Field Alignment: Optimal Transport and Data Assimilation

September 1, 2014

 

There is a close relationship between Optimal Transport and Field Alignment methods. For example, Haker et al. (IJCV 2004) use it for warping, and it was used earlier in EMD in Computer Vision. See also Rachev and Ruschendorf, 1998 (https://www.springer.com/la/book/9780387983523) for several others. 

Field Alignment methods embed a form of Optimal Transport. While the Kantorovich–Wasserstein metric  provides a formulation for Field Alignment, it is closely related also to Benamou and Bernier's work. While the original form is related to diffeomorphic approaches but subsequent ones (e.g., scale cascaded alignment) differ. When Optimal Transport is defined as being divergence-free deformation between the source and destination mass distributions, then correspondence with nondivergent solutions of Field Alignment emerge.  However, our approach considers Field Alignment in the context of a Bayesian coupling between Optimal Transport and Optimal Estimation. This is substantially more general in the sense that the difficulty in identifying appropriate densities while maintaining their mass conservation in the presence of noisy mesurements, and regularizing the correspondence map between the domains when one domain is very sparsely observed remain as issues  As Haker et al. note, it's correspondence free, symmetric and can work across changes in "density" (intensity) -- however, there are many implementation issues for this to work to still be considered.

Despite the recent interest in Optimal Transport in Data Assimilation, we posit that extant methods (e.g.
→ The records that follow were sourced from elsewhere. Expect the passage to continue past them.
Lemma connected_ext A B : (forall z, A z <-> B z) -> connected_pts A -> connected_pts B.
Proof. by move=> AB CA a b /AB Aa /AB Ab; apply: reach_sub (CA _ _ Aa Ab) => z /AB. Qed.

Lemma outer_notin S x : outer S x -> ~ S x.
Proof. by case/(_ 0%N) => r [H _]; apply: (reach_in_l H). Qed.

Lemma outer_sub S S' x : (forall z, S' z -> S z) -> outer S x -> outer S' x.
Proof.
move=> H O N; case: (O N) => r [Hr HN]; exists r; split=> //.
by apply: reach_sub Hr => z nS /H.
Qed.

Lemma outer_reach S x y : reach (fun z => ~ S z) x y -> outer S y -> outer S x.
Proof.
move=> Hxy O N; case: (O N) => r [Hr HN]; exists r; split=> //.
exact: reach_trans Hxy Hr.
Qed.

Lemma outer_adj S x y : adj x y -> ~ S x -> outer S y -> outer S x.
Proof. by move=> Hxy nSx O; apply: (outer_reach _ O); apply: reach_adj (outer_notin O). Qed.

End Reach.

Definition ray (v : point) (i k : nat) : point := iter k (fun y => nb y i) v.

Lemma reach_ray A v i k : (forall j, (j <= k)%N -> A (ray v i j)) -> reach A v (ray v i k).
Proof.
elim: k => [|k IH] H; first exact: reach_refl (H 0%N isT).
apply: reach_rcons (IH _) (adj_nb _ _) (H _ (leqnn _)).
by move=> j Hj; apply: H; rewrite (leq_trans Hj).
Qed.

Lemma ray5 v k : ray v 5 k = (v.1, v.2 + k%:Z).
Proof.
elim: k => [|k IH] /=; first by case: v => a b /=; congr pair; lia.
by rewrite IH nb5 /=; congr pair; lia.
Qed.
(* Let $p\in(0,1)$. For $n\ge1$ let $D_n$ be the random subset of an $n\times n$ square of $\mathbb{Z}^2$ obtained by keeping each vertex independently with probability $p$. Then there exists a constant $\alpha_p>0$ such that $\mathbb{E}\left[\ell_{\mathrm{TS}}(D_n)\right]/n^2\to\alpha_p$ as $n\to\infty$.
   Context: For a finite set $V\subseteq\mathbb{Z}^2$, $\ell_{\mathrm{TS}}(V)$ is the length of a shortest path in the standard Cayley graph of $\mathbb{Z}^2$ (generators $e_1,e_2$) visiting every point of $V$, with starting and ending points not prescribed ($\ell_{\mathrm{TS}}(\emptyset)=0$). *)

From HB Require Import structures.
From mathcomp Require Import all_boot all_order all_algebra.
From mathcomp Require Import all_classical all_reals all_analysis.
Set Implicit Arguments. Unset Strict Implicit. Unset Printing Implicit Defensive.
Import Order.TTheory GRing.Theory Num.Theory.
Local Open Scope classical_set_scope.
Local Open Scope ring_scope.

Definition Z2 := (int * int)%type.

Definition Z2adj (z w : Z2) : bool :=
  ((`|z.1 - w.1|%N + `|z.2 - w.2|%N)%N == 1%N).

Definition is_Z2path (s : seq Z2) : bool := sorted Z2adj s.
Definition Z2path_length (s : seq Z2) : nat := (size s).-1.

(* l_TS(V): length of a shortest path visiting every point of V
   (endpoints not prescribed).  For V empty this is 0 (empty/one-point path). *)
Definition lTS {R : realType} (V : set Z2) : R :=
  inf [set (Z2path_length s)%:R | s in [set s : seq Z2 |
         is_Z2path s /\ (forall v, V v -> v \in s)]].

Definition sq_emb (n : nat) (x : 'I_n * 'I_n) : Z2 := ((x.1 : nat)%:Z, (x.2 : nat)%:Z).

Definition sq_set (n : nat) (A : {set 'I_n * 'I_n}) : set Z2 :=
  [set z | exists2 x, x \in A & z = sq_emb x].

(* Probability that the site-percolation random set D_n (each vertex kept
   independently with probability p) equals A. *)
Definition perc_prob {R : realType} (p : R) (n : nat) (A : {set 'I_n * 'I_n}) : R :=
  p ^+ #|A| * (1 - p) ^+ (n * n - #|A|)%N.

Definition E_lTS {R : realType} (p : R) (n : nat) : R :=
  \sum_(A : {set 'I_n * 'I_n}) perc_prob p A * lTS (sq_set A).

(* Cut the (K+1)m-square into (K+1)^2 blocks of side m and join optimal tours
   of the sites kept in each block, block by block along a row and then row by
   row.  The joins cost at most 6 (K+1)^2 m steps, and the sites kept in a
   block are distributed as D_m, so
     E l(D_{(K+1)m}) <= (K+1)^2 (E l(D_m) + 6 m).
   With the monotonicity of n |-> E l(D_n), this near-subadditivity forces
   E l(D_n) / n^2 to converge, Fekete-style, to inf_m (E l(D_m) / m^2 + 6 / m).
   The limit is at least p: a tour visits all |D_n| sites, so
   E l(D_n) >= p n^2 - 1. *)

From HB Require Import structures.
From mathcomp Require Import all_boot all_order all_algebra.
From mathcomp Require Import all_classical all_reals all_analysis.
From mathcomp Require Import zify ring lra.
Import Order.TTheory GRing.Theory Num.Theory numFieldNormedType.Exports.
Set Implicit Arguments. Unset Strict Implicit. Unset Printing Implicit Defensive.
Local Open Scope classical_set_scope.
Local Open Scope ring_scope.

Definition l1_dist (a b : Z2) : nat := (`|a.1 - b.1| + `|a.2 - b.2|)%N.

Lemma Z2adj_sym : symmetric Z2adj.
Proof. by move=> a b; rewrite /Z2adj; apply/idP/idP => /eqP H; apply/eqP; lia. Qed.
Ravela et al. 2007) have previously considered flows (transport) of fields in a variational setting for data assimilation.  Furthermore, we think that the Bayes-Coupled Optimal Transport and Estimation (B-COTE) offers a solution the conundrum of whether amplitude adjustment or geometric adjustment is to be preffered and how. 

Thus, while deformation approaches developed thus far including: FABle (Field Alignment Blending), AROMA (Adaptive Reduced Order Modeling By Alignment), Field Coalescence, Coherent Random Fields and the two variants of Field Alignment can be cast within Wasserstein, it is important to note that the variational formalism (including ensemble solutions) provide a key generalization.